WHAT THE TASK ASKS - In the data below, one line contains "pose b := [arg" and a later one contains "case: ifP => _; last by rewrite mulr0.". Print both, with every line between them, exactly and alone.

Records contained in a dataset
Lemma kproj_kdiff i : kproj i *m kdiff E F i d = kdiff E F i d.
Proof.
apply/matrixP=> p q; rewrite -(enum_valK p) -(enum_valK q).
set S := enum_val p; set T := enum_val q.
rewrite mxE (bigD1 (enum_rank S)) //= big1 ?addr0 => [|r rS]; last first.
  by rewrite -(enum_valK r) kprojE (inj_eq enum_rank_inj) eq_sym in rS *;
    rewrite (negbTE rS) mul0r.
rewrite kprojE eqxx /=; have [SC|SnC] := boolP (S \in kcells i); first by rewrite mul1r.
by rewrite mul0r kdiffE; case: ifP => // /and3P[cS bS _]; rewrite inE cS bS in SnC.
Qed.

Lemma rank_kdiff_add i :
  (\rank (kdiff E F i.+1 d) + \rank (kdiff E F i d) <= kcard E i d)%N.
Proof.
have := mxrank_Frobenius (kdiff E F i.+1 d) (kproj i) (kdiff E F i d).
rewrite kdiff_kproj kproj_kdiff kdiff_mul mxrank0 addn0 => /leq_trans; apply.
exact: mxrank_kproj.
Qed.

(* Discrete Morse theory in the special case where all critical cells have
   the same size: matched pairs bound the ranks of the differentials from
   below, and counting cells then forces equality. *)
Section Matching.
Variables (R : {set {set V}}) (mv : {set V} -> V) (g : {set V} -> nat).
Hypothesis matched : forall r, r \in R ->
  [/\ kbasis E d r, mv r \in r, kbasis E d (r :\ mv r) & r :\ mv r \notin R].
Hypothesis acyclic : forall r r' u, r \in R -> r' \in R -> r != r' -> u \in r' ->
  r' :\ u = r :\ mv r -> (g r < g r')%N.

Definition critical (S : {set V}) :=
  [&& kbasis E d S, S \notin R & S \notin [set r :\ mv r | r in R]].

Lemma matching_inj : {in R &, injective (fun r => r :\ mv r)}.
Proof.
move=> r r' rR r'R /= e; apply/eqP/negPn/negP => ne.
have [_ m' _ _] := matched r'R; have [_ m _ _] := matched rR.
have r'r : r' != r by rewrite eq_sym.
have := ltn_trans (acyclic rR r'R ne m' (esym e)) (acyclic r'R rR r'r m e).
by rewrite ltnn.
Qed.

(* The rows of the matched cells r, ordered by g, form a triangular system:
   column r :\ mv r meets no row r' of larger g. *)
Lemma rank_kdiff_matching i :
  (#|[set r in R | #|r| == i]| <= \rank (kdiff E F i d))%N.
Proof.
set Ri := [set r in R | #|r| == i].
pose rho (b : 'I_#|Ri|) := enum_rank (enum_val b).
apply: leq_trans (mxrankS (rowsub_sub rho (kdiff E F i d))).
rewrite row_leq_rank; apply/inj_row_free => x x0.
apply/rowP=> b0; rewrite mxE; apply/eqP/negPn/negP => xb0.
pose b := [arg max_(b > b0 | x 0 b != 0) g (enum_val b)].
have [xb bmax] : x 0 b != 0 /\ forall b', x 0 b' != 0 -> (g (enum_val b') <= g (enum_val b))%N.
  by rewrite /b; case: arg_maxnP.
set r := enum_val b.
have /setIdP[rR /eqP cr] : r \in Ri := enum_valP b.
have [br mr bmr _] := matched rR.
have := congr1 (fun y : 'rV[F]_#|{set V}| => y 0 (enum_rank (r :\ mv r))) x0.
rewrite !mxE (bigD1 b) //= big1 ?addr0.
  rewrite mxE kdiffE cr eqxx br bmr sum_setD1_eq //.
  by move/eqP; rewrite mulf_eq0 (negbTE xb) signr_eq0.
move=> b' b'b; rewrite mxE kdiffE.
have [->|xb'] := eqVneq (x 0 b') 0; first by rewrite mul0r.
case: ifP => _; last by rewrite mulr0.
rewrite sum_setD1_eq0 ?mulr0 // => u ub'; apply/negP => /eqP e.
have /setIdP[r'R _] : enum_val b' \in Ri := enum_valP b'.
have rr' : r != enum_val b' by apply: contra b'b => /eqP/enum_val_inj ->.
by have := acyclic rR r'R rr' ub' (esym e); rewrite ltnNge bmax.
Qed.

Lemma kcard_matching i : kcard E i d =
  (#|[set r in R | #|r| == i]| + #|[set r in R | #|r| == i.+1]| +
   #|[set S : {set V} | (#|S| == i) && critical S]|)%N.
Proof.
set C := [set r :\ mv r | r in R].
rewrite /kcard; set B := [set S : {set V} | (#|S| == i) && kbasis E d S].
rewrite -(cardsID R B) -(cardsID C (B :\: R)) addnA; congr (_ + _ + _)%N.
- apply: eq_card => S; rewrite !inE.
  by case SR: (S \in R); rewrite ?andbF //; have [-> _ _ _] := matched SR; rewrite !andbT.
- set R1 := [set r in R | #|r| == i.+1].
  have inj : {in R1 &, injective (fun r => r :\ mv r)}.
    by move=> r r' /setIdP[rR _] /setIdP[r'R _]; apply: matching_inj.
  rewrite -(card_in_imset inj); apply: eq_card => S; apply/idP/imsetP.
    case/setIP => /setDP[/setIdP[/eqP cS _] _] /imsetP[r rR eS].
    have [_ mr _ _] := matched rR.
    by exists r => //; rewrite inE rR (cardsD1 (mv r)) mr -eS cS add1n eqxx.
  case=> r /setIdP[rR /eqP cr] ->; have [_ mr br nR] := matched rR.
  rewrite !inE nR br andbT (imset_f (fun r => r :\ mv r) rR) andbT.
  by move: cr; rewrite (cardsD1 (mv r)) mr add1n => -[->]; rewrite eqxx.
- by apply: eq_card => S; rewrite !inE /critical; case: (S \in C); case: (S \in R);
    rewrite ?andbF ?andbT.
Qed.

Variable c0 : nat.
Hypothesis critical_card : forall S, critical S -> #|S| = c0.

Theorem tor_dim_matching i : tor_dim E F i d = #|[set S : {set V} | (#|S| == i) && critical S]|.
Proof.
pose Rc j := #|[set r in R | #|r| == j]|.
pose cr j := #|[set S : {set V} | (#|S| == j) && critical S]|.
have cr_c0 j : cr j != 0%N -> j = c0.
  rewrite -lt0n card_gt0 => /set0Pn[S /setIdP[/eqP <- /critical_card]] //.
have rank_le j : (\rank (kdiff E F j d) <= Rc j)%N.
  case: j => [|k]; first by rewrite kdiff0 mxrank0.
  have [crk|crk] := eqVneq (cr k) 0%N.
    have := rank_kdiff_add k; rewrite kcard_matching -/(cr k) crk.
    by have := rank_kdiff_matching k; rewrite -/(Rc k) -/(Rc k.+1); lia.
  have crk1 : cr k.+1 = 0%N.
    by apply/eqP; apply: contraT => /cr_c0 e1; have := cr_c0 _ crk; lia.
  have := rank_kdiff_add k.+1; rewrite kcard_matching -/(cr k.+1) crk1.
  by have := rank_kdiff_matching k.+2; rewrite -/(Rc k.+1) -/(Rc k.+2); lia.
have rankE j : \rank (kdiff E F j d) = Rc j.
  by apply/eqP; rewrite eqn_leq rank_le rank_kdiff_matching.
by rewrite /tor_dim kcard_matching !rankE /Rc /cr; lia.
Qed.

...

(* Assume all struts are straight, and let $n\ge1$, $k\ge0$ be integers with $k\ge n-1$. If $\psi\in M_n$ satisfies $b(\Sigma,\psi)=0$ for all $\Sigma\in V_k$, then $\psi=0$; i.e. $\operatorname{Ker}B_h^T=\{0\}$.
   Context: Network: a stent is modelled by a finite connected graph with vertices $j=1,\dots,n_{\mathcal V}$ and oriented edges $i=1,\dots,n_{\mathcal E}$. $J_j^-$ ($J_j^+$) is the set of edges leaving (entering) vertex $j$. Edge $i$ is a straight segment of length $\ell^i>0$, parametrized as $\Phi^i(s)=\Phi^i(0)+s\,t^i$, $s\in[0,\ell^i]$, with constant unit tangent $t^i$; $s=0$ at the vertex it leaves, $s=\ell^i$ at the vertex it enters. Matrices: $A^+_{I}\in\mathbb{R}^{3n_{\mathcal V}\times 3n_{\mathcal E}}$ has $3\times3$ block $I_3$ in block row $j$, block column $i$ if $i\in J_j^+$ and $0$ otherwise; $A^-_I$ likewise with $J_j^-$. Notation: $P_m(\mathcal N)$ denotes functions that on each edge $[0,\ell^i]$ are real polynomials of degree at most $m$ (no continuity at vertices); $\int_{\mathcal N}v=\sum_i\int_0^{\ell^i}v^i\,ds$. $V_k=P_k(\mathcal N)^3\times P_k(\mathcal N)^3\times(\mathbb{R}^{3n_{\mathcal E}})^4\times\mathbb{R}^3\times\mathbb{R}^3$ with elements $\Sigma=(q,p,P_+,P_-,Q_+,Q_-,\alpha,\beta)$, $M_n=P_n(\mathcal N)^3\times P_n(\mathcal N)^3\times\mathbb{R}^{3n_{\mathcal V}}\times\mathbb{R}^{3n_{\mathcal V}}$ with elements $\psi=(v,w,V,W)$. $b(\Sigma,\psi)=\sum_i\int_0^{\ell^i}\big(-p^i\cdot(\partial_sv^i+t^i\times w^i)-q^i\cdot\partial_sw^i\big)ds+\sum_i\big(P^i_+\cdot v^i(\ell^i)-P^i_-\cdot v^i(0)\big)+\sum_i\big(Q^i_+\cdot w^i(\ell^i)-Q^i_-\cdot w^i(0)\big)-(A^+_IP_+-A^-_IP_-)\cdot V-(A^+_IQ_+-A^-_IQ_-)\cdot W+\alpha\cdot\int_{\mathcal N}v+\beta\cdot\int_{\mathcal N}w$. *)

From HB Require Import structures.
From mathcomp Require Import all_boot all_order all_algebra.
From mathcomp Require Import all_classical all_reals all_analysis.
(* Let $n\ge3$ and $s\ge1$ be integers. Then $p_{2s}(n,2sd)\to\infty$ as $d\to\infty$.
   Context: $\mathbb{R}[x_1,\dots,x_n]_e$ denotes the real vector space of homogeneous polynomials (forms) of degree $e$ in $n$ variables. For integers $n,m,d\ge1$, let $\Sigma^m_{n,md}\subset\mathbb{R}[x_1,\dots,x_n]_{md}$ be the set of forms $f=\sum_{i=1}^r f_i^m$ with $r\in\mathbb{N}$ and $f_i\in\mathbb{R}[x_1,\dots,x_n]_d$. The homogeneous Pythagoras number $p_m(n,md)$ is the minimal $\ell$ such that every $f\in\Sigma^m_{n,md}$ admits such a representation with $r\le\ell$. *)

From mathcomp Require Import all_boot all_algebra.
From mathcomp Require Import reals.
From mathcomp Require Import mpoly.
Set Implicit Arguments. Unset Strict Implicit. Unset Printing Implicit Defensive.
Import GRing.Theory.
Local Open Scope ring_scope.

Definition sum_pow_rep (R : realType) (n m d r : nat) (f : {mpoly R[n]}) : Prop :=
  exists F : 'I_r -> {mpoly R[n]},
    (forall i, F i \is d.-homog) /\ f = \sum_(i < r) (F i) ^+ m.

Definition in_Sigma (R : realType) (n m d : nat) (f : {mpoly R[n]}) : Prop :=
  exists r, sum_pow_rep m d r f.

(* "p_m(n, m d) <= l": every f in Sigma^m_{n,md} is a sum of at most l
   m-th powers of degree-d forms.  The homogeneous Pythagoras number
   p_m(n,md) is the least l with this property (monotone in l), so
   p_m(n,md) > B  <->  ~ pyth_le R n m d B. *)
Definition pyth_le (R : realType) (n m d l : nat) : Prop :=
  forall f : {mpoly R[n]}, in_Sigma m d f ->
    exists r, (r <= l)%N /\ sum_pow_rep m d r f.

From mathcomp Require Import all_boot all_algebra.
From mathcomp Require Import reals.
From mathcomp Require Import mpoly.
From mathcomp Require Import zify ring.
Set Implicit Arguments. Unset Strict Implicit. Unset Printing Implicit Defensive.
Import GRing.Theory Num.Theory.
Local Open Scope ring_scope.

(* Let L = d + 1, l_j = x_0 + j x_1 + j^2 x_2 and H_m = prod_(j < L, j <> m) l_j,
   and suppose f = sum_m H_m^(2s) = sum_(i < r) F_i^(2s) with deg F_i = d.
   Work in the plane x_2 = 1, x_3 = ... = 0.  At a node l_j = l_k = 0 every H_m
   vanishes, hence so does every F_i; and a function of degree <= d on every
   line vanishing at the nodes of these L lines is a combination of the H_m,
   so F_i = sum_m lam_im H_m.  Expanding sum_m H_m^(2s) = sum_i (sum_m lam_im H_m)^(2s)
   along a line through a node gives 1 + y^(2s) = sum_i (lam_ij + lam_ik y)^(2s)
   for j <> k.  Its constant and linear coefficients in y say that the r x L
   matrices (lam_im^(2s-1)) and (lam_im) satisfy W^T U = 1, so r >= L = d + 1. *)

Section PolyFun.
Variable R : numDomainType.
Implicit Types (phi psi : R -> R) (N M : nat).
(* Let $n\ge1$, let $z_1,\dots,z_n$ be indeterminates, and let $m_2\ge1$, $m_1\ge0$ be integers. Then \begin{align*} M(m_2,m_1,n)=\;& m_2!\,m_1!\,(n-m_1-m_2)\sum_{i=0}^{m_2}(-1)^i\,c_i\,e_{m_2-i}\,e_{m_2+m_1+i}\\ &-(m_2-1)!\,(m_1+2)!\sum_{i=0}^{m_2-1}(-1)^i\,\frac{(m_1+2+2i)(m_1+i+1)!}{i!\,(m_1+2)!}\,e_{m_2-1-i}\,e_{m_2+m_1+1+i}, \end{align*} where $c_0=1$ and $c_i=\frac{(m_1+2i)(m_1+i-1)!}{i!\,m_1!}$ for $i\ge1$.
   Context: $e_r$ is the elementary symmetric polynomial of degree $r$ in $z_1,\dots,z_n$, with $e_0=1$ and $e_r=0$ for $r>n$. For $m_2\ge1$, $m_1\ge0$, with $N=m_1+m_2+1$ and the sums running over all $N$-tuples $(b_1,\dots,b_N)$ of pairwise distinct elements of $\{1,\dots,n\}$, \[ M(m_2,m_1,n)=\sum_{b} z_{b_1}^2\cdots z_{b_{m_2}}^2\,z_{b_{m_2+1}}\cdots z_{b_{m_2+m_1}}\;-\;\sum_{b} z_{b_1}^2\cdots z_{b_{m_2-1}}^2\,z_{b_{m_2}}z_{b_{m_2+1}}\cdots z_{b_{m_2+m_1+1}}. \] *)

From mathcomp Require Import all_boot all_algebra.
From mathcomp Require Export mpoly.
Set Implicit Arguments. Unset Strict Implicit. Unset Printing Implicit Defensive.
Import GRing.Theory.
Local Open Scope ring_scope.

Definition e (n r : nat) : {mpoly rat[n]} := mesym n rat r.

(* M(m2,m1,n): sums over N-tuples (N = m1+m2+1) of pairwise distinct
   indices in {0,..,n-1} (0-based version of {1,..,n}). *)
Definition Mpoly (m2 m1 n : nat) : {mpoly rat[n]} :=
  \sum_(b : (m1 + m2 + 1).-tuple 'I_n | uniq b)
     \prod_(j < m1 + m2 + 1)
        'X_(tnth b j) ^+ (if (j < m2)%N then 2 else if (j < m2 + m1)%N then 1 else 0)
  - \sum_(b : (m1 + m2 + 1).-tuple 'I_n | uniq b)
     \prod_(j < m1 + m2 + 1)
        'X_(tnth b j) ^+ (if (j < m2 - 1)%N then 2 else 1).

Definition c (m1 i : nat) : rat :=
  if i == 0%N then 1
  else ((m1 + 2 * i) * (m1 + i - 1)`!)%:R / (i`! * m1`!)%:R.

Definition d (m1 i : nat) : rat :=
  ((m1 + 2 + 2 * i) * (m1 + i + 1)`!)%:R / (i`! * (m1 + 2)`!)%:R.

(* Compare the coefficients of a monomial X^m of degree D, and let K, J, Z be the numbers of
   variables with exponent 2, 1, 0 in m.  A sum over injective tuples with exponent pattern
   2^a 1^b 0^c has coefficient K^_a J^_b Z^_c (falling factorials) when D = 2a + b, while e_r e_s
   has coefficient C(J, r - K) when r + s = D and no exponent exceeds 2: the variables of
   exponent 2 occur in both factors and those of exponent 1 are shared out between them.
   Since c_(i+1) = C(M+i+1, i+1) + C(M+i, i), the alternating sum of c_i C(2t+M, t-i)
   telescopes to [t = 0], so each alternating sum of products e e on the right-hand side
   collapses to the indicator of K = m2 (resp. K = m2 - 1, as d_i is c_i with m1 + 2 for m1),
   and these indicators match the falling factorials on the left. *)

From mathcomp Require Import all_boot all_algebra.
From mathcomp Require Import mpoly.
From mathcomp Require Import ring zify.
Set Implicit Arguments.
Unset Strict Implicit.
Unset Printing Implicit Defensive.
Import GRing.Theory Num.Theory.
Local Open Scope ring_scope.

EXPECTED OUTPUT -
pose b := [arg max_(b > b0 | x 0 b != 0) g (enum_val b)].
have [xb bmax] : x 0 b != 0 /\ forall b', x 0 b' != 0 -> (g (enum_val b') <= g (enum_val b))%N.
  by rewrite /b; case: arg_maxnP.
set r := enum_val b.
have /setIdP[rR /eqP cr] : r \in Ri := enum_valP b.
have [br mr bmr _] := matched rR.
have := congr1 (fun y : 'rV[F]_#|{set V}| => y 0 (enum_rank (r :\ mv r))) x0.
rewrite !mxE (bigD1 b) //= big1 ?addr0.
  rewrite mxE kdiffE cr eqxx br bmr sum_setD1_eq //.
  by move/eqP; rewrite mulf_eq0 (negbTE xb) signr_eq0.
move=> b' b'b; rewrite mxE kdiffE.
have [->|xb'] := eqVneq (x 0 b') 0; first by rewrite mul0r.
case: ifP => _; last by rewrite mulr0.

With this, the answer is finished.